Evidence for spatial diversity is still observable despite the relatively recent introduction of Y. pestis to North America. A single nucleotide polymorphism (SNP) analysis of sequencing data from 34 isolates collected from the western United States revealed an additional 40 previously uncharacterized variants (Gibbons et al., 2012; Lowell et al., 2015). Subsequent analyses suggest localized genotypic persistence plays a larger role in diversity. Although many Y. pestis genetic studies rely on only a few isolates from North America, approximately one-half of the total Y. pestis cases in North America occur in New Mexico (Center for Disease Control and Prevention, 2022).

Prior studies have focused on genomic variation in subpopulations of Y. pestis across various geographical regions. One subpopulation comparison showed that mutations in Y. pestis were associated with specific geographical regions and climates in Madagascar (Andrianaivoarimanana et al., 2019). However, studies on the evolution of Y. pestis within North America have been limited by sample size and relatively narrow time periods that could limit observable patterns of mutation in response to time and selection pressure.

The goal of this study was to analyze and compare the evolution of 22 novel Y. pestis genomes collected in New Mexico over a 32-year period, and to interpret these patterns in the context of their geographic and host isolation metadata. Novel Yersinia pestis isolates from New Mexico were chosen because of the range of isolate collection years. By performing computational analyses of selection pressure, and reconstructing phylogenetic relationships, we aimed to provide a clearer understanding of the evolution and maintenance of Y. pestis in New Mexico in the context of other existing genomes from North America and other geographical regions. The results from such a study could improve our understanding of the evolutionary patterns of Y. pestis across a limited region and time frame.

Materials and Methods

DNA preparation and sequencing

Portions of this text were previously published as part of a thesis (Warren, 2022).Y. pestis isolates were obtained from the New Mexico State Department of Health prior to characterization and storage at −80 °C in the Biosafety Level 3 (BSL-3) laboratory at Brigham Young University. The 22 isolates used for this analysis were collected between 1983 and 2015 (Table S1). All of the isolates met the selection criteria that included isolation during the desired period of time and possession of all three virulence plasmids (i.e., pCD1, pMT1, and pPCP1) (Stewart et al., 2008). Metadata for the selected isolates included year of isolation for all isolates, host species of isolation for 17 isolates, and location of isolation at the county level for six isolates (Fig. S1). All isolates were grown on blood agar in the BSL-3 lab, no contamination was observed, and single colonies were selected for growth. Genomic DNA was then extracted and purified using a MagnaPure LC system (Roche Molecular Systems, Inc., Pleasanton, CA, USA).

Genomes were fragmented using the Covaris M220 focused-ultrasonicator (Covaris, Woburn, MA, USA). DNA cleaning was done with the DNA-Clean and Concentrator Kit (Zymo Research, Irvine, CA, USA). Ends were repaired with NEBNext Ultra II End Repair/dA-Tailing module (NEB, Ipswich, MA, USA) and adapters were ligated using NEBNext Ultra II Ligation Module (NEB, Ipswich, MA, USA). Size selection was done with solid-phase reversible immobilization (SPRI) beads followed by KAPA Library Amplification Kit (ROCHE, Indianapolis, IN, USA). The target DNA fragment size of ~500 bp was then verified by gel electrophoresis. Quantification of the DNA fragments was performed using Qubit fluorometry (Thermo Fisher, Waltham, MA, USA).
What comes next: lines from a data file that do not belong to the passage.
Lemma sum_qpoch_sign s N : (s < N)%N ->
  \sum_(k < N) 2 * qpoch (p ^- s) p k * qpoch (p ^+ s.+1) p k * p ^+ k
      / (qpoch p p k ^+ 2 * (1 + p ^+ k)) = (-1) ^+ s.
Proof.
elim: s => [|s IHs] ltsN.
  case: N ltsN => [//|N _]; rewrite big_ord_recl big1 => [|k _].
    by rewrite expr0 invr1 !qpoch0 !expr0 expr1n !mulr1 mul1r addr0; apply: mulfV two_neq0.
  by rewrite expr0 invr1 (@qpoch_eq0 1 p 0 _ (mulr1 _)) // mulr0 !mul0r.
set w := p ^+ s.+1.
have w_neq0 : w != 0 by rewrite expf_neq0.
have pVs : p ^- s = w^-1 * p by rewrite /w exprSr invfM mulfVK.
have pSSs : p ^+ s.+2 = w * p by rewrite exprSr.
(* Consecutive sums add up to twice the vanishing sum of sum_qpoch_inv_eq0. *)
suff sum_add : \sum_(k < N) 2 * qpoch w^-1 p k * qpoch (w * p) p k * p ^+ k
      / (qpoch p p k ^+ 2 * (1 + p ^+ k)) +
    \sum_(k < N) 2 * qpoch (w^-1 * p) p k * qpoch w p k * p ^+ k
      / (qpoch p p k ^+ 2 * (1 + p ^+ k)) = 0.
  have := IHs (ltnW ltsN); rewrite -/w pVs => IH.
  by rewrite pSSs exprS mulN1r -IH; apply/eqP; rewrite -addr_eq0 sum_add.
transitivity (2 * \sum_(k < N) qpoch w^-1 p k * qpoch w p k * p ^+ k / qpoch p p k ^+ 2).
  rewrite -big_split mulr_sumr; apply: eq_bigr => k _ /=.
  have s_gt0 := ltn0Sn s.
  apply: (shifted_terms_identity w_neq0 (one_sub_pow_neq0 s_gt0) (one_sub_powV_neq0 s_gt0)
    (qpoch_self_neq0 k) (one_add_pow_neq0 k)); by rewrite -qpochSl qpochSr.
by rewrite sum_qpoch_inv_eq0 ?mulr0.
Qed.

Lemma exp_inj : injective (fun k => p ^+ k).
Proof.
suff le_inj m k : (m <= k)%N -> p ^+ m = p ^+ k -> m = k.
  by move=> m k; case: (leqP m k) => [/le_inj//|/ltnW/le_inj h /esym/h].
move=> lemk; rewrite -(subnKC lemk) exprD -{1}[p ^+ m]mulr1 => /(mulfI (expf_neq0 m p_neq0)).
case: (k - m)%N => [|j]; first by rewrite addn0.
by move=> /esym/eqP; rewrite (negbTE (p_pow_neq1 (ltn0Sn j))).
Qed.

End NonRootOfUnity.

(** * Least non-negative residues *)

Section Residue.

Variables (d n : nat) (N : int) (y : rat).
Hypothesis coprime_dn : coprime d n.
Hypothesis yd : y * d%:Q = - N%:~R.

Lemma resid_dvdE x :
  (n%:Z %| denq y * x%:Z - numq y)%Z = (n%:Z %| d%:Z * x%:Z + N)%Z.
Proof.
set D := denq y; set M := numq y.
have MD : M * d%:Z = - N * D.
  apply: (@intr_inj rat); rewrite !rmorphM /= numqE -/D mulrAC.
  by rewrite -pmulrn yd rmorphN.
have D_dvd_d : (D %| d%:Z)%Z.
  have : (D %| M * d%:Z)%Z by rewrite MD dvdz_mull.
  by rewrite Gauss_dvdzr // coprimezE coprime_sym coprime_num_den.
have coprime_nd : coprimez n d by rewrite coprimezE /= coprime_sym.
have coprime_nD : coprimez n D.
  by rewrite coprimez_sym coprimezE /=; apply: coprime_dvdl coprime_dn.
have scale : d%:Z * (D * x%:Z - M) = D * (d%:Z * x%:Z + N).
  by rewrite mulrBr mulrCA (mulrC _ M) MD; ring.
by rewrite -(Gauss_dvdzr _ coprime_nd) scale Gauss_dvdzr.
Qed.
The final DNA fragments were sequenced at the University of Pittsburgh, Genomics Research Core (Pittsburg, PA, USA). Isolates were sequenced with Illumina MiSeq v3 chemistry, using the paired-end 150 cycle kit to generate 22–25 million total reads.
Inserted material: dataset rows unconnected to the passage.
(* Assume (A1)–(A3), (B') and (C). (i) For every $n\ge3$, all $u_i,v_i\in\mathbf h$ and $\epsilon_i\in\mathbb Z_2$, $\lim_{t\to0}\frac1t\langle\Omega,(U^{(\epsilon_1)}_t-1)(u_1,v_1)\cdots(U^{(\epsilon_n)}_t-1)(u_n,v_n)\Omega\rangle=0$. (ii) For $u\in\mathbf h$, $v\in\mathcal D(G)$, product vectors $\underline p,\underline w\in\mathbf h^{\otimes n}$, $\epsilon\in\mathbb Z_2$, $\underline\epsilon'\in\mathbb Z_2^n$: $\lim_{t\to0}\frac1t\langle(U^{(\epsilon)}_t-1)(u,v)\Omega,(U^{(\underline\epsilon')}_t-1)(\underline p,\underline w)\Omega\rangle=(-1)^\epsilon\lim_{t\to0}\frac1t\langle(U_t-1)(u,v)\Omega,(U^{(\underline\epsilon')}_t-1)(\underline p,\underline w)\Omega\rangle$ (meaning: one side exists iff the other does, and they are then equal).
   Context: All Hilbert spaces are complex and separable, with inner products antilinear in the first variable. Let $\mathbf h,\mathcal H$ be Hilbert spaces and $\Omega\in\mathcal H$ a fixed unit vector. For $A\in\mathcal B(\mathbf h\otimes\mathcal H)$ and $u,v\in\mathbf h$, the operator $A(u,v)\in\mathcal B(\mathcal H)$ is defined by $\langle\xi_1,A(u,v)\xi_2\rangle=\langle u\otimes\xi_1,A\,(v\otimes\xi_2)\rangle$ for all $\xi_1,\xi_2\in\mathcal H$; the same definition is used with $\mathbf h$ replaced by $\mathbf h^{\otimes n}$. Let $\{U_{s,t}:0\le s\le t<\infty\}$ be unitary operators on $\mathbf h\otimes\mathcal H$, $U_t:=U_{0,t}$, $U^{(0)}_{s,t}:=U_{s,t}$, $U^{(1)}_{s,t}:=U_{s,t}^*$. For $n\ge1$, $1\le k\le n$, $\epsilon\in\mathbb Z_2=\{0,1\}$, let $U^{(n,\epsilon)}_{s,t;k}$ be the operator on $\mathbf h^{\otimes n}\otimes\mathcal H$ acting as $U^{(\epsilon)}_{s,t}$ on (the $k$-th copy of $\mathbf h$)$\otimes\mathcal H$ and as the identity on the other copies of $\mathbf h$. For $\underline\epsilon\in\mathbb Z_2^n$ and $0\le s_1\le t_1\le s_2\le\dots\le s_n\le t_n$ put $U^{(\underline\epsilon)}_{\underline s,\underline t}:=U^{(n,\epsilon_1)}_{s_1,t_1;1}\cdots U^{(n,\epsilon_n)}_{s_n,t_n;n}$, so that for product vectors $\underline u=\otimes_iu_i$, $\underline v=\otimes_iv_i$ one has $U^{(\underline\epsilon)}_{\underline s,\underline t}(\underline u,\underline v)=\prod_{k=1}^nU^{(\epsilon_k)}_{s_k,t_k}(u_k,v_k)$ (ordered product). Write $U^{(\underline\epsilon)}_{s,t}$ when all $s_k=s$, $t_k=t$, and $U^{(n)}_t$ when moreover $s=0$, $\underline\epsilon=\underline0$. Assumptions: (A1) $U_{r,s}U_{s,t}=U_{r,t}$ for $r\le s\le t$. (A2) If $[s_1,t_1)\cap[s_2,t_2)=\emptyset$ then (i) $U_{s_1,t_1}(u_1,v_1)$ commutes with $U_{s_2,t_2}(u_2,v_2)$ and $U_{s_2,t_2}(u_2,v_2)^*$ for all $u_i,v_i\in\mathbf h$; (ii) for time tuples $\underline a,\underline b$ with $s_1\le a_1\le b_1\le\dots\le a_n\le b_n\le t_1$ and $\underline q,\underline r$ with $s_2\le q_1\le r_1\le\dots\le q_m\le r_m\le t_2$, product vectors $\underline u,\underline v\in\mathbf h^{\otimes n}$, $\underline p,\underline w\in\mathbf h^{\otimes m}$, and $\underline\epsilon\in\mathbb Z_2^n,\underline\epsilon'\in\mathbb Z_2^m$: $\langle\Omega,U^{(\underline\epsilon)}_{\underline a,\underline b}(\underline u,\underline v)U^{(\underline\epsilon')}_{\underline q,\underline r}(\underline p,\underline w)\Omega\rangle=\langle\Omega,U^{(\underline\epsilon)}_{\underline a,\underline b}(\underline u,\underline v)\Omega\rangle\langle\Omega,U^{(\underline\epsilon')}_{\underline q,\underline r}(\underline p,\underline w)\Omega\rangle$. (A3) $\langle\Omega,U^{(\underline\epsilon)}_{s,t}(\underline u,\underline v)\Omega\rangle=\langle\Omega,U^{(\underline\epsilon)}_{0,t-s}(\underline u,\underline v)\Omega\rangle$. (B') $\lim_{t\to0}\langle\Omega,(U_t-1)(u,v)\Omega\rangle=0$ for all $u,v\in\mathbf h$. (C) For all $u_i,v_i\in\mathbf h$, $\epsilon_i\in\mathbb Z_2$ ($i=1,2,3$): $\lim_{t\to0}\frac1t\langle\Omega,(U^{(\epsilon_1)}_t-1)(u_1,v_1)(U^{(\epsilon_2)}_t-1)(u_2,v_2)(U^{(\epsilon_3)}_t-1)(u_3,v_3)\Omega\rangle=0$. $T_t$ is the operator on $\mathbf h$ with $\langle u,T_tv\rangle=\langle\Omega,U_t(u,v)\Omega\rangle$; it is a strongly continuous contraction semigroup and $G$ denotes its generator, with domain $\mathcal D(G)$. *)

From mathcomp Require Import all_boot all_order all_algebra.
From mathcomp Require Import all_classical all_reals all_analysis.
From mathcomp Require Import complex.
Import Order.TTheory GRing.Theory Num.Theory.
Import numFieldNormedType.Exports numFieldTopology.Exports.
A custom computational pipeline was constructed to assemble genomes, perform a multiple genome alignment, and parse the data for selection pressure analysis, metadata association analysis, and phylogenetic tree reconstruction (Fig. 1).

Computational pipeline outline.

Figure 1: Computational pipeline outline.

Basic computational pipeline with the core programs. The file formatting scripts are not shown to improve clarity.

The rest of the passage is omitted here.